**TASK GOAL:**
With both ends included, repeat exactly the lines of the entries below from the one containing "have [k_lt3 |" down to the one containing "Implicit Types x y : 'I_m * 'I_n.", and no others.

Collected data

====================

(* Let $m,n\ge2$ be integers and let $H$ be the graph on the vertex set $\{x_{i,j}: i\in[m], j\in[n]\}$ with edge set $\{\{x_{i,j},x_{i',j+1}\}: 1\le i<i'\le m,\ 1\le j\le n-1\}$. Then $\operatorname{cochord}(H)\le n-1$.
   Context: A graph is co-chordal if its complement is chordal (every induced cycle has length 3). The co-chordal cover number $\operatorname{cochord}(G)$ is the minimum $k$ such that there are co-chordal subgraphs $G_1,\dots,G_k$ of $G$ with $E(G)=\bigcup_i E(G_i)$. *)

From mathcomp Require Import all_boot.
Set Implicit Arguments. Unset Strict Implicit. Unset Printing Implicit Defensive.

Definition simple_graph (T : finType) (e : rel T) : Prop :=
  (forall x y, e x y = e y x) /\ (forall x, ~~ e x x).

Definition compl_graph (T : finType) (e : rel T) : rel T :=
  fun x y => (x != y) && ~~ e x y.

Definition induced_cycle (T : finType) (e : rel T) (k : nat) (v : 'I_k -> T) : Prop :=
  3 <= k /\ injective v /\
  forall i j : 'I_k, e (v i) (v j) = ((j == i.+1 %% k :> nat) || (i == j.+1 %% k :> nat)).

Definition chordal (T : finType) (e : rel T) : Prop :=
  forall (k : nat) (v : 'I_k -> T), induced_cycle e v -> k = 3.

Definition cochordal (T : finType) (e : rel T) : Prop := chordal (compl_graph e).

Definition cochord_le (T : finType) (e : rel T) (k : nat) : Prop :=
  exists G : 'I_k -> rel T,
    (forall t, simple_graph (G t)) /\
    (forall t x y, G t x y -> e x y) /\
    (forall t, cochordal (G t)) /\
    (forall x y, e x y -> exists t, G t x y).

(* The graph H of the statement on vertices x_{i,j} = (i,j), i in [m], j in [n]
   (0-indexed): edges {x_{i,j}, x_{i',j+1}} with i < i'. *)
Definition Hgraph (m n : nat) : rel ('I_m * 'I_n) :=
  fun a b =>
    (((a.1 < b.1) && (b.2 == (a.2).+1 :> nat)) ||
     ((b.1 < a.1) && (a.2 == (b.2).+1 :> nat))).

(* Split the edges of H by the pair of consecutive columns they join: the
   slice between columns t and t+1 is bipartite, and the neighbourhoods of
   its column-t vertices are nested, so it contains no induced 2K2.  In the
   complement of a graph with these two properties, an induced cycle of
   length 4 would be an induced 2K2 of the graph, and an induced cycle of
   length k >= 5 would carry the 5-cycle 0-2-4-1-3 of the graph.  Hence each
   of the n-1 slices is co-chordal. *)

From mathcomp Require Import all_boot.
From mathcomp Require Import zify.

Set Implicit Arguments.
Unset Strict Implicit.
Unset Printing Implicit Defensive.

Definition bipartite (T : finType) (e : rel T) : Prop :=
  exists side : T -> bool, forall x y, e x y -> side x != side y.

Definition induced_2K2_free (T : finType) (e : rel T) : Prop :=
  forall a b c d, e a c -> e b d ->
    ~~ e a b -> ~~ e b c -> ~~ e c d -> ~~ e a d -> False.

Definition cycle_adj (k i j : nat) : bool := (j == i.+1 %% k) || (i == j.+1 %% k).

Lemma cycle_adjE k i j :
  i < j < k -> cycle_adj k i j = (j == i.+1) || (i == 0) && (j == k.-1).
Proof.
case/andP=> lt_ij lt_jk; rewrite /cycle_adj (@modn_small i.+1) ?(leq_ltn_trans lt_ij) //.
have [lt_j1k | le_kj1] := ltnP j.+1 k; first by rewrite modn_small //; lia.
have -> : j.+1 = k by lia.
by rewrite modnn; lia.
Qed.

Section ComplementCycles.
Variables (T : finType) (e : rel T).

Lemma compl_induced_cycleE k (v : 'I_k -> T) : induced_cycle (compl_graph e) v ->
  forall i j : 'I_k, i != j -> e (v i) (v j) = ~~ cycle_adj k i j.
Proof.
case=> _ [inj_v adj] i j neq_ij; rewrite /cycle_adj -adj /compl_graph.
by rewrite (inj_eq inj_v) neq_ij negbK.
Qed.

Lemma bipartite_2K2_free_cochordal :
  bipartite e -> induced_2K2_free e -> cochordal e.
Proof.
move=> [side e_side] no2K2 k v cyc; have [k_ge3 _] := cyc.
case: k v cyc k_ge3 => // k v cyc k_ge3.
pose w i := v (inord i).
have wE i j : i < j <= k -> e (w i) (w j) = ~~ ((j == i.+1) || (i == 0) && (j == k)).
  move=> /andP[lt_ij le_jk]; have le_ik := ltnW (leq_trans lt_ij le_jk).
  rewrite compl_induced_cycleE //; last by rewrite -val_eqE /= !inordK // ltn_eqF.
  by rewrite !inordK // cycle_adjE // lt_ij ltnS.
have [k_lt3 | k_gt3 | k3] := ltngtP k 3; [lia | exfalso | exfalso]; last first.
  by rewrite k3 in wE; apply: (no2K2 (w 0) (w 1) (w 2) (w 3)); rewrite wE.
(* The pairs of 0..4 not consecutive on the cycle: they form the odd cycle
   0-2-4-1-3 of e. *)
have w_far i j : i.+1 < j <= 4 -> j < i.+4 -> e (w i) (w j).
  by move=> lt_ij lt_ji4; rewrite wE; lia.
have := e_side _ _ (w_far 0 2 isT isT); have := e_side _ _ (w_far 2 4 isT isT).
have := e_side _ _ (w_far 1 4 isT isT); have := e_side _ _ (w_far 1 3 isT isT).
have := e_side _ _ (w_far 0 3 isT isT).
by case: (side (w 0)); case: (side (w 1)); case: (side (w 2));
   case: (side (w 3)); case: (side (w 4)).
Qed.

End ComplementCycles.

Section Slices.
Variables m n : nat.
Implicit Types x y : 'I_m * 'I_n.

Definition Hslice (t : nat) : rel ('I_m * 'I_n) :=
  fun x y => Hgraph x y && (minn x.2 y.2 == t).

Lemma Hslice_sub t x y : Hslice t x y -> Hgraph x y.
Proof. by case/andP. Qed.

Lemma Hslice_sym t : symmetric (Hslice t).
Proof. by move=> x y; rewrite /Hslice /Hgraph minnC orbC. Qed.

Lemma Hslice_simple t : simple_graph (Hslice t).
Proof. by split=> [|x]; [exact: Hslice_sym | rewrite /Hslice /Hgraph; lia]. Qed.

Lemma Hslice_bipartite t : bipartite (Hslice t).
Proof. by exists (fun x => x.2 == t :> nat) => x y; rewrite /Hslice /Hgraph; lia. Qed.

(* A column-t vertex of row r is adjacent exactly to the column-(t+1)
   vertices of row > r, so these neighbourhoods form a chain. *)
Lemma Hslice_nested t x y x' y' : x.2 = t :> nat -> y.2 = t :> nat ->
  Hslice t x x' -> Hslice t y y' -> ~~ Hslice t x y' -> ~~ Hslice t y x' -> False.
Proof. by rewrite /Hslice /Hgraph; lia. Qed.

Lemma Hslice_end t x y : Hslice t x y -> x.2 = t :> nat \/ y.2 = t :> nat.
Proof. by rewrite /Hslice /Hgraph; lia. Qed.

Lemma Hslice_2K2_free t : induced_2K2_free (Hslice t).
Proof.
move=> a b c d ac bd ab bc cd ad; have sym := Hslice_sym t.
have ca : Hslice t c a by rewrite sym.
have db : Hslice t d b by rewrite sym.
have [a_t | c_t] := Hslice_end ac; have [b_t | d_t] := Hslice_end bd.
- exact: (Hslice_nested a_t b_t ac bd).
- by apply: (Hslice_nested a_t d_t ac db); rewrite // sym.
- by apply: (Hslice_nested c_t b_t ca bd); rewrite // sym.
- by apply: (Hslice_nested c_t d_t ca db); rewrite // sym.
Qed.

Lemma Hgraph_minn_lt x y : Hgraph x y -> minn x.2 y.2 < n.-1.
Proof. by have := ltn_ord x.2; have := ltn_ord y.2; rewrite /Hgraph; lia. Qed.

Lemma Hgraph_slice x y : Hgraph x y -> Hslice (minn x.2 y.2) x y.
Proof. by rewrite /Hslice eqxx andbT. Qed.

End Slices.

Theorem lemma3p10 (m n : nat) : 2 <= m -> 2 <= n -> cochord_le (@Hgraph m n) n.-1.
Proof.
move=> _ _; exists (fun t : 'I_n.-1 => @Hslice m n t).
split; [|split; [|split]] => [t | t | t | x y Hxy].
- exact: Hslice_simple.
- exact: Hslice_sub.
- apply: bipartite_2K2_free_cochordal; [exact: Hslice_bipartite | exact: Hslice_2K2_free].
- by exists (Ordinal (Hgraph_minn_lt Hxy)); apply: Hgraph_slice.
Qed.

====================

**RESULT OF THE EXERCISE:**
have [k_lt3 | k_gt3 | k3] := ltngtP k 3; [lia | exfalso | exfalso]; last first.
  by rewrite k3 in wE; apply: (no2K2 (w 0) (w 1) (w 2) (w 3)); rewrite wE.
(* The pairs of 0..4 not consecutive on the cycle: they form the odd cycle
   0-2-4-1-3 of e. *)
have w_far i j : i.+1 < j <= 4 -> j < i.+4 -> e (w i) (w j).
  by move=> lt_ij lt_ji4; rewrite wE; lia.
have := e_side _ _ (w_far 0 2 isT isT); have := e_side _ _ (w_far 2 4 isT isT).
have := e_side _ _ (w_far 1 4 isT isT); have := e_side _ _ (w_far 1 3 isT isT).
have := e_side _ _ (w_far 0 3 isT isT).
by case: (side (w 0)); case: (side (w 1)); case: (side (w 2));
   case: (side (w 3)); case: (side (w 4)).
Qed.

End ComplementCycles.

Section Slices.
Variables m n : nat.
Implicit Types x y : 'I_m * 'I_n.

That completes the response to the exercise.